Here, we use that n = ∑ _d|n (phi(d)).

sum(over A_i <= x_i <= B_i) GCD(x₀, x₁, x₂, …, x_K-1)

= sum(over A_i <= x_i <= B_i) of (sum(over d | GCD(x₀, x₁, x₂, …, x_K-1)) phi(d)

= sum(over A_i <= x_i <= B_i) of (sum(over d | all of x₀, x₁, x₂, …, x_K-1)) phi(d)

= sum(over d <= min(B_i)) of(sum (over d | x₀, and d | x₁, and d | x₂, …, and d | x_K-1 and A_i <= x_i <= B_i)) phi(d)

= sum(over d <= min(B_i)) of ∏(floor (B_i/d) - floor((A_i-1)/d)) * phi(d)

Author’s Solution:

Can be found here

Tester’s Solution:

Can be found here

mmaxio · December 24, 2012, 2:04am

Alternate approach is really smart. Also I think the fact that q is not divisible by MOD is implicitly used in solution, if MOD was less than 200000 BigIntegers would be probably needed.

pragrame · December 24, 2012, 2:11am

Yes, that is implicitly used. However, also note that if MOD was less than 200000, then there is a chance that we would not be able to find any N having the P + Q*N divisible by MOD.

anujkaliaiitd · December 24, 2012, 2:43am

Gassa gave another solution as follows:

"First calculate the number of tuples where each element (and therefore GCD) is divisible by 1,2,3,…,N = 200,000.

After that, the number of tuples with GCD being exactly 1,2,3,…,N can be found in an NLogN pass."

anton_lunyov · December 24, 2012, 5:05am

@anujkaliaiitd In fact, almost all contestants come up with this “another solution”. If nobody will describe it I will probably do this when I have time.
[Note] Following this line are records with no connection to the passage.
(* Consider the online class matching problem in the divisible setting (described in the context). For every $\gamma \in [0,1]$, there exists an online divisible algorithm that is simultaneously $\left(1 - \frac{e^{\gamma-1}}{\gamma+1}\right)$-USW and $(1-e^{-\gamma})$-CEF.
   Context: Online class matching: an instance is a bipartite graph $G=(N,M,E)$ with a set $N$ of agents (known in advance), a set $M$ of items, and $E \subseteq M \times N$; agent $a$ likes item $o$ iff $(o,a)\in E$. The agents are partitioned into $k$ known classes $N_1,\dots,N_k$. Items arrive one at a time in an adversarially chosen order; when item $o$ arrives, the set of agents liking $o$ is revealed and the algorithm must immediately and irrevocably assign (in the divisible setting, fractions of) $o$ to agents liking it. A fractional matching is $X=(x_{o,a})\in[0,1]^{M\times N}$ supported on $E$ with $\sum_a x_{o,a}\le 1$ for every item $o$ and $\sum_o x_{o,a}\le 1$ for every agent $a$. The value of agent $a$ is $V_a(X)=\sum_o x_{o,a}$ and the class value is $V_i(X)=\sum_{a\in N_i}V_a(X)$. For each class $j$, let $y_j(X)\in[0,1]^M$ with $y_j(X)_o=\sum_{a\in N_j}x_{o,a}$. For $y\in[0,1]^M$, the optimistic valuation $V_i^*(y)$ is the maximum size of a fractional matching using edges of $E$ between $N_i$ and $M$ in which each item $o$ has fractional degree at most $y_o$ and each agent has fractional degree at most $1$. The utilitarian social welfare is $\mathrm{usw}(X)=\sum_i V_i(X)$. A (possibly randomized) online algorithm outputting $X$ is $\alpha$-CEF if on every instance, for all classes $i,j$, $\mathbb{E}[V_i(X)]\ge \alpha\,\mathbb{E}[V_i^*(y_j(X))]$; it is $\beta$-USW if on every instance $\mathbb{E}[\mathrm{usw}(X)]\ge \beta\cdot \mathrm{usw}(X^* )$ for every fractional matching $X^*$ of $G$. *)

From HB Require Import structures.
From mathcomp Require Import all_boot all_order all_algebra.
From mathcomp Require Import all_classical reals sequences.
Set Implicit Arguments. Unset Strict Implicit. Unset Printing Implicit Defensive.
Import Order.TTheory GRing.Theory Num.Theory.
Local Open Scope ring_scope.
Local Open Scope classical_set_scope.

(* An instance: agents 'I_n, classes 'I_k with class map [cls], items 'I_m
   indexed by arrival time (item o arrives at step o; the adversarial order is
   thus encoded by the adversary's choice of E), and [E o] = the set of agents
   liking item o. *)

Section OnlineClassMatching.
Variable R : realType.

Definition frac_matching n m (E : 'I_m -> {set 'I_n}) (x : 'I_m -> 'I_n -> R) :=
  [/\ forall o a, 0 <= x o a,
      forall o a, a \notin E o -> x o a = 0,
      forall o, \sum_(a < n) x o a <= 1 &
      forall a, \sum_(o < m) x o a <= 1].

Definition agent_val n m (x : 'I_m -> 'I_n -> R) (a : 'I_n) : R :=
  \sum_(o < m) x o a.

Definition class_val n k m (cls : 'I_n -> 'I_k) (x : 'I_m -> 'I_n -> R)
  (i : 'I_k) : R := \sum_(a < n | cls a == i) agent_val x a.

Definition usw n m (x : 'I_m -> 'I_n -> R) : R := \sum_(a < n) agent_val x a.

Definition class_alloc n k m (cls : 'I_n -> 'I_k) (x : 'I_m -> 'I_n -> R)
  (j : 'I_k) : 'I_m -> R := fun o => \sum_(a < n | cls a == j) x o a.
In a few words the phrase “can be found in an NLogN pass” means dp of the form
dp[k] = cnt[k] - dp[2 * k] - dp[3 * k] - ... - dp[[N/k] * k]
where cnt[k] is the number of tuples from the first sentence.

MarioYC · December 24, 2012, 9:14am

The alternate approach can be optimized by going only through values where value of B[i] / d or (A[i] - 1) / d changes.

Getting complexity O(sqrt(min B_i) * K^2) per test case.

tornike4 · December 24, 2012, 3:24pm

got it now

the_c0der · January 3, 2013, 7:56pm

plz explain this “another approach” in detail

forthright · August 11, 2015, 7:05pm

Took me some time, but finally got how the alternative approach works. I saw the lemma before but this is the first time I saw its application. Really beautiful method to make solution faster by ln(n).